→ **Problem statement**: Write out, from the entries below, exactly the lines that run between the lines holding "Lemma ntrans_ext (F" and "have EL := lfunctor_ext Ehom; subst L'.", inclusive, and stop there.

→ **Stored data entries**:
::::::::::

Lemma comp_fsuml (x y z : lob C) (F : T -> lhom C y z) (f : lhom C x y) :
  finite_set (supp F) ->
  lcomp (\sum_(i \in [set: T]) F i) f = \sum_(i \in [set: T]) lcomp (F i) f.
Proof.
by apply: (fsum_morph (phi := lcomp^~ f)) => [|g g'] /=; rewrite ?comp0m ?compDl.
Qed.

Lemma comp_fsumr (x y z : lob C) (g : lhom C y z) (F : T -> lhom C x y) :
  finite_set (supp F) ->
  lcomp g (\sum_(i \in [set: T]) F i) = \sum_(i \in [set: T]) lcomp g (F i).
Proof.
by apply: (fsum_morph (phi := lcomp g)) => [|f f'] /=; rewrite ?compm0 ?compDr.
Qed.

End CompositionSums.

Section Extensionality.
Variables (k : pzRingType) (C D : lincat k).

Lemma ntrans_ext (F F' : lfunctor C D) (m m' : ntrans F F') :
  (forall x, ncomp m x = ncomp m' x) -> m = m'.
Proof.
case: m m' => c p [c' p'] /= E.
have Ec : c = c' by apply: functional_extensionality_dep.
by subst c'; rewrite (proof_irrelevance _ p p').
Qed.

Lemma lfunctor_ext (F F' : lfunctor C D) (eob : forall x, fob F x = fob F' x) :
  (forall x y (f : lhom C x y), hcast (eob x) (eob y) (fhom F f) = fhom F' f) ->
  F = F'.
Proof.
case: F F' eob => fo fh p1 p2 p3 p4 [fo' fh' q1 q2 q3 q4] /= eob Ehom.
have Efo : fo = fo' by apply: functional_extensionality_dep.
subst fo'; have Efh : fh = fh'.
  do 3![apply: functional_extensionality_dep => ?].
  by rewrite -Ehom hcast_id.
subst fh'; by rewrite (proof_irrelevance _ p1 q1) (proof_irrelevance _ p2 q2)
  (proof_irrelevance _ p3 q3) (proof_irrelevance _ p4 q4).
Qed.

Lemma ccast_ncomp (hD : lincat_laws D) (F1 F2 F1' F2' : lfunctor C D)
  (e1 : F1 = F1') (e2 : F2 = F2') (m : ntrans F1 F2) x :
  ncomp (@ccast (Funcat C hD) _ _ _ _ e1 e2 m) x
  = hcast (f_equal (fob^~ x) e1) (f_equal (fob^~ x) e2) (ncomp m x).
Proof. by destruct e1, e2. Qed.

Variables (G : groupType) (A : gcat G C).

Lemma invmor_ext (F F' : invfun D A) (m m' : invmor F F') :
  (forall x, ncomp (imor m) x = ncomp (imor m') x) -> m = m'.
Proof.
case: m m' => c p [c' p'] /= E.
have Ec : c = c' by apply: ntrans_ext.
by subst c'; rewrite (proof_irrelevance _ p p').
Qed.

Lemma invfun_ext (F F' : invfun D A)
  (eob : forall x, fob (ifun F) x = fob (ifun F') x) :
  (forall x y (f : lhom C x y),
     hcast (eob x) (eob y) (fhom (ifun F) f) = fhom (ifun F') f) ->
  (forall (a : G) x,
     hcast (eob x) (eob (fob (act A a) x)) (iadj F a x) = iadj F' a x) ->
  F = F'.
Proof.
case: F F' eob => L ia p1 p2 p3 p4 [L' ia' q1 q2 q3 q4] /= eob Ehom Eadj.
have EL := lfunctor_ext Ehom; subst L'.
have Eia : ia = ia'.
  do 2![apply: functional_extensionality_dep => ?].
  by rewrite -Eadj hcast_id.
subst ia'; by rewrite (proof_irrelevance _ p1 q1) (proof_irrelevance _ p2 q2)
  (proof_irrelevance _ p3 q3) (proof_irrelevance _ p4 q4).
Qed.

Lemma ccast_imor (hD : lincat_laws D) (F1 F2 F1' F2' : invfun D A)
  (e1 : F1 = F1') (e2 : F2 = F2') (m : invmor F1 F2) x :
  ncomp (imor (@ccast (Invcat A hD) _ _ _ _ e1 e2 m)) x
  = hcast (f_equal (fun F => fob (ifun F) x) e1)
          (f_equal (fun F => fob (ifun F) x) e2) (ncomp (imor m) x).
Proof. by destruct e1, e2. Qed.

End Extensionality.

Section OrbitFamilies.
Variables (k : pzRingType) (G : groupType) (C : lincat k) (A : gcat G C).
Implicit Types x y z : lob C.

Lemma ofam_to_ohom x y (f : ofamily A x y) : ofamily_ok f -> ofam (to_ohom f) = f.
Proof. by rewrite /to_ohom; case: pselect. Qed.

Lemma ofam_fin_row x y (f : ohom A x y) a : finite_set [set b | ofam f a b != 0].
Proof. by case: f => f []. Qed.

Lemma ofam_fin_col x y (f : ohom A x y) b : finite_set [set a | ofam f a b != 0].
Proof. by case: f => f []. Qed.

Lemma ofam_equiv x y (f : ohom A x y) g a b :
  hcast (actM_ob A g a x) (actM_ob A g b y) (ofam f (g * a)%g (g * b)%g)
  = fhom (act A g) (ofam f a b).
Proof. by case: f => f []. Qed.

Lemma ofam_shift x y (f : ohom A x y) g a b u v :
  u = (g * a)%g -> v = (g * b)%g ->
  exists p q, ofam f u v = hcast p q (fhom (act A g) (ofam f a b)).
Proof.
move=> -> ->; exists (esym (actM_ob A g a x)), (esym (actM_ob A g b y)).
by rewrite -ofam_equiv hcast_trans hcast_id.
Qed.

Lemma Pfam_diag x y (f : lhom C x y) a : Pfam A f a a = fhom (act A a) f.
Proof. by rewrite /Pfam; case: eqP => // e; rewrite hcast_id. Qed.

Lemma Pfam_offdiag x y (f : lhom C x y) a b : a != b -> Pfam A f a b = 0.
Proof. by rewrite /Pfam; case: eqP. Qed.

Lemma Pfam_ok x y (f : lhom C x y) : ofamily_ok (Pfam A f).
Proof.
split=> [a|b|g a b].
- apply: (finite_set_single (i0 := a)) => b ne /=.
  by rewrite Pfam_offdiag 1?eq_sym ?eqxx.
- by apply: (finite_set_single (i0 := b)) => a ne /=; rewrite Pfam_offdiag ?eqxx.
- have [<-|ne] := eqVneq a b; first by rewrite !Pfam_diag actM_hom.
  by rewrite !Pfam_offdiag ?hcast0 ?fhom0 // (can_eq (mulKg g)).
Qed.

Lemma ofam_Pmor x y (f : lhom C x y) : ofam (Pmor A f) = Pfam A f.
Proof. exact/ofam_to_ohom/Pfam_ok. Qed.

Lemma phifam_idcast (mu : G) x a b : a = (b * mu)%g ->
  exists p, phifam A mu x a b = idcast p.
Proof.
move=> e; exists (etrans (f_equal (fun c => fob (act A c) x) e) (actM_ob A b mu x)).
by rewrite /phifam; case: eqP => // e'; apply: hcast_pi.
Qed.

Lemma phifam_neq (mu : G) x a b : a != (b * mu)%g -> phifam A mu x a b = 0.
Proof. by rewrite /phifam; case: eqP. Qed.

Lemma phifam_ok (mu : G) x : ofamily_ok (phifam A mu x).
Proof.
split=> [a|b|g a b].
- apply: (finite_set_single (i0 := (a * mu^-1)%g)) => b ne /=.
  by rewrite phifam_neq ?eqxx //; apply: contraNneq ne => ->; rewrite mulgK.
- by apply: (finite_set_single (i0 := (b * mu)%g)) => a ne /=; rewrite phifam_neq ?eqxx.
- have [e|ne] := eqVneq a (b * mu)%g.
    have [p ->] := phifam_idcast x e.
    have e' : (g * a = g * b * mu)%g by rewrite e mulgA.
    have [q ->] := phifam_idcast x e'.
    by rewrite hcast_idcast fhom_idcast; apply: idcast_pi.
  rewrite !phifam_neq ?hcast0 ?fhom0 // -mulgA.
  by rewrite (can_eq (mulKg g)).
Qed.

Lemma ofam_phican (mu : G) x : ofam (phican A mu x) = phifam A mu x.
Proof. exact/ofam_to_ohom/phifam_ok. Qed.

Definition psifam (mu : G) x : ofamily A (fob (act A mu) x) x :=
  fun a b =>
    match b =P (a * mu)%g with
    | ReflectT e =>
        idcast (etrans (esym (actM_ob A a mu x))
                       (f_equal (fun c => fob (act A c) x) (esym e)))
    | ReflectF _ => 0
    end.

Lemma psifam_idcast (mu : G) x a b : b = (a * mu)%g ->
  exists p, psifam mu x a b = idcast p.
Proof.
move=> e; exists (etrans (esym (actM_ob A a mu x))
                         (f_equal (fun c => fob (act A c) x) (esym e))).
by rewrite /psifam; case: eqP => // e'; apply: idcast_pi.
Qed.

Lemma psifam_neq (mu : G) x a b : b != (a * mu)%g -> psifam mu x a b = 0.
Proof. by rewrite /psifam; case: eqP. Qed.

Lemma psifam_ok (mu : G) x : ofamily_ok (psifam mu x).
Proof.
split=> [a|b|g a b].
- by apply: (finite_set_single (i0 := (a * mu)%g)) => b ne /=; rewrite psifam_neq ?eqxx.
- apply: (finite_set_single (i0 := (b * mu^-1)%g)) => a ne /=.
  by rewrite psifam_neq ?eqxx //; apply: contraNneq ne => ->; rewrite mulgK.
- have [e|ne] := eqVneq b (a * mu)%g.
    have [p ->] := psifam_idcast x e.
    have e' : (g * b = g * a * mu)%g by rewrite e mulgA.
    have [q ->] := psifam_idcast x e'.
    by rewrite hcast_idcast fhom_idcast; apply: idcast_pi.
  rewrite !psifam_neq ?hcast0 ?fhom0 // -mulgA.
  by rewrite (can_eq (mulKg g)).
Qed.

Definition psican (mu : G) x : ohom A (fob (act A mu) x) x := to_ohom (psifam mu x).

Lemma ofam_psican (mu : G) x : ofam (psican mu x) = psifam mu x.
Proof. exact/ofam_to_ohom/psifam_ok. Qed.

End OrbitFamilies.

Section OrbitComposition.
Variables (k : pzRingType) (G : groupType) (C : lincat k) (hC : lincat_laws C)
  (A : gcat G C).
Implicit Types x y z : lob C.

Lemma ocomp_terms_fin x y z (g : ohom A y z) (f : ohom A x y) a b :
  finite_set (supp (fun c => lcomp (ofam g c b) (ofam f a c))).
Proof.
by apply: sub_finite_set (ofam_fin_row f a) => c /comp_neq0 [] // _ ? /=.
Qed.

Lemma ocomp_ok x y z (g : ohom A y z) (f : ohom A x y) :
  ofamily_ok (fun a b => \sum_(c \in [set: G]) lcomp (ofam g c b) (ofam f a c)).
Proof.
split=> [a|b|h a b].
- apply: (sub_finite_set (B := \bigcup_(c in [set c | ofam f a c != 0])
                                  [set b | ofam g c b != 0])).
    by move=> b /= /fsum_neq0 [c /comp_neq0 [] // gcb fac]; exists c.
  by apply: bigcup_finite => [|c _]; exact: ofam_fin_row.
- apply: (sub_finite_set (B := \bigcup_(c in [set c | ofam g c b != 0])
                                  [set a | ofam f a c != 0])).
    by move=> a /= /fsum_neq0 [c /comp_neq0 [] // gcb fac]; exists c.
  by apply: bigcup_finite => [|c _]; exact: ofam_fin_col.
- rewrite (fsum_morph (hcast0 _ _) (hcastD _ _) (ocomp_terms_fin _ _ _ _)).
  rewrite (fsum_morph (fhom0 _ _ _) (@fhom_add _ _ _ _ _ _) (ocomp_terms_fin _ _ _ _)).
  rewrite (fsum_reindex _ h); apply: eq_fsbigr => c _.
  by rewrite (hcast_lcomp _ (actM_ob A h c y)) !ofam_equiv fhom_comp.
Qed.

Lemma ofam_ocomp x y z (g : ohom A y z) (f : ohom A x y) a b :
  ofam (ocomp g f) a b = \sum_(c \in [set: G]) lcomp (ofam g c b) (ofam f a c).
Proof. by rewrite ofam_to_ohom //; exact: ocomp_ok. Qed.

Lemma ocomp0m x y z (f : ohom A x y) : ocomp (0 : ohom A y z) f = 0.
Proof.
by apply: ohom_ext => a b; rewrite ofam_ocomp fsbig1 // => c _; rewrite comp0m.
Qed.

Lemma ocompm0 x y z (g : ohom A y z) : ocomp g (0 : ohom A x y) = 0.
Proof.
by apply: ohom_ext => a b; rewrite ofam_ocomp fsbig1 // => c _; rewrite compm0.
Qed.

Lemma ofam_fsum x y (F : G -> ohom A x y) a b : finite_set (supp F) ->
  ofam (\sum_(i \in [set: G]) F i) a b = \sum_(i \in [set: G]) ofam (F i) a b.
Proof. exact: (fsum_morph (phi := fun h : ohom A x y => ofam h a b)). Qed.

Lemma Pmor_comp x y z (g : lhom C y z) (f : lhom C x y) :
  ocomp (Pmor A g) (Pmor A f) = Pmor A (lcomp g f).
Proof.
apply: ohom_ext => a b; rewrite ofam_ocomp !ofam_Pmor (fsum_single (i0 := a)).
  have [<-|ne] := eqVneq a b; first by rewrite !Pfam_diag fhom_comp.
  by rewrite (Pfam_offdiag _ g) // (Pfam_offdiag _ (lcomp g f)) // comp0m.
by move=> c ne; rewrite (Pfam_offdiag _ f) 1?eq_sym // compm0.
Qed.

Lemma Pmor0 x y : Pmor A (0 : lhom C x y) = 0.
Proof.
apply: ohom_ext => a b; rewrite ofam_Pmor.
by have [<-|ne] := eqVneq a b; rewrite ?Pfam_diag ?fhom0 ?Pfam_offdiag.
Qed.

Lemma PmorD x y (f g : lhom C x y) : Pmor A (f + g) = Pmor A f + Pmor A g.
Proof.
apply: ohom_ext => a b /=; rewrite !ofam_Pmor.
by have [<-|ne] := eqVneq a b; rewrite ?Pfam_diag ?fhom_add ?Pfam_offdiag ?addr0.
Qed.

Lemma PmorZ x y (c : k) (f : lhom C x y) : Pmor A (c *: f) = c *: Pmor A f.
Proof.
apply: ohom_ext => a b /=; rewrite !ofam_Pmor.
by have [<-|ne] := eqVneq a b; rewrite ?Pfam_diag ?fhom_scale ?Pfam_offdiag ?scaler0.
Qed.

End OrbitComposition.

Section OrbitCanonical.
Variables (k : pzRingType) (G : groupType) (C : lincat k) (hC : lincat_laws C)
  (A : gcat G C).
Implicit Types x y : lob C.

Lemma ofam_hcast x y y' (e : y = y') (f : ohom A x y) a b :
  ofam (@hcast _ (orbit_cat A) x x y y' erefl e f) a b
  = hcast erefl (f_equal (fob (act A b)) e) (ofam f a b).
Proof. by destruct e. Qed.

Lemma phican_nat x y (f : lhom C x y) (mu : G) :
  ocomp (phican A mu y) (Pmor A f)
  = ocomp (Pmor A (fhom (act A mu) f)) (phican A mu x).
Proof.
apply: ohom_ext => a b; rewrite !ofam_ocomp // !ofam_Pmor !ofam_phican.
rewrite (fsum_single (i0 := a)); last first.
  by move=> c ne; rewrite (Pfam_offdiag _ f) 1?eq_sym // compm0.
rewrite [RHS](fsum_single (i0 := b)); last first.
  by move=> c ne; rewrite Pfam_offdiag // comp0m.
rewrite !Pfam_diag; have [e|ne] := eqVneq a (b * mu)%g; last first.
  by rewrite !phifam_neq // comp0m // compm0.
have [p ->] := phifam_idcast A y e; have [q ->] := phifam_idcast A x e.
subst a; rewrite comp_idcastl // comp_idcastr // -actM_hom hcast_trans.
exact: hcast_pi.
Qed.

Lemma psican_phican (mu : G) x :
  ocomp (psican A mu x) (phican A mu x) = Pmor A (lidm C x).
Proof.
apply: ohom_ext => a b; rewrite ofam_ocomp // ofam_Pmor ofam_phican ofam_psican.
rewrite (fsum_single (i0 := (a * mu^-1)%g)); last first.
  move=> c ne; rewrite phifam_neq ?compm0 //.
  by apply: contraNneq ne => ->; rewrite mulgK.
have e : a = (a * mu^-1 * mu)%g by rewrite mulgVK.
have [p ->] := phifam_idcast A x e.
have [<-|ne] := eqVneq a b.
  have [q ->] := psifam_idcast A x e.
  by rewrite idcast_comp // idcast_id Pfam_diag fhom_id.
by rewrite psifam_neq ?comp0m ?Pfam_offdiag // -e eq_sym.
Qed.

::::::::::

→ **Answer to the exercise**:
Lemma ntrans_ext (F F' : lfunctor C D) (m m' : ntrans F F') :
  (forall x, ncomp m x = ncomp m' x) -> m = m'.
Proof.
case: m m' => c p [c' p'] /= E.
have Ec : c = c' by apply: functional_extensionality_dep.
by subst c'; rewrite (proof_irrelevance _ p p').
Qed.

Lemma lfunctor_ext (F F' : lfunctor C D) (eob : forall x, fob F x = fob F' x) :
  (forall x y (f : lhom C x y), hcast (eob x) (eob y) (fhom F f) = fhom F' f) ->
  F = F'.
Proof.
case: F F' eob => fo fh p1 p2 p3 p4 [fo' fh' q1 q2 q3 q4] /= eob Ehom.
have Efo : fo = fo' by apply: functional_extensionality_dep.
subst fo'; have Efh : fh = fh'.
  do 3![apply: functional_extensionality_dep => ?].
  by rewrite -Ehom hcast_id.
subst fh'; by rewrite (proof_irrelevance _ p1 q1) (proof_irrelevance _ p2 q2)
  (proof_irrelevance _ p3 q3) (proof_irrelevance _ p4 q4).
Qed.

Lemma ccast_ncomp (hD : lincat_laws D) (F1 F2 F1' F2' : lfunctor C D)
  (e1 : F1 = F1') (e2 : F2 = F2') (m : ntrans F1 F2) x :
  ncomp (@ccast (Funcat C hD) _ _ _ _ e1 e2 m) x
  = hcast (f_equal (fob^~ x) e1) (f_equal (fob^~ x) e2) (ncomp m x).
Proof. by destruct e1, e2. Qed.

Variables (G : groupType) (A : gcat G C).

Lemma invmor_ext (F F' : invfun D A) (m m' : invmor F F') :
  (forall x, ncomp (imor m) x = ncomp (imor m') x) -> m = m'.
Proof.
case: m m' => c p [c' p'] /= E.
have Ec : c = c' by apply: ntrans_ext.
by subst c'; rewrite (proof_irrelevance _ p p').
Qed.

Lemma invfun_ext (F F' : invfun D A)
  (eob : forall x, fob (ifun F) x = fob (ifun F') x) :
  (forall x y (f : lhom C x y),
     hcast (eob x) (eob y) (fhom (ifun F) f) = fhom (ifun F') f) ->
  (forall (a : G) x,
     hcast (eob x) (eob (fob (act A a) x)) (iadj F a x) = iadj F' a x) ->
  F = F'.
Proof.
case: F F' eob => L ia p1 p2 p3 p4 [L' ia' q1 q2 q3 q4] /= eob Ehom Eadj.
have EL := lfunctor_ext Ehom; subst L'.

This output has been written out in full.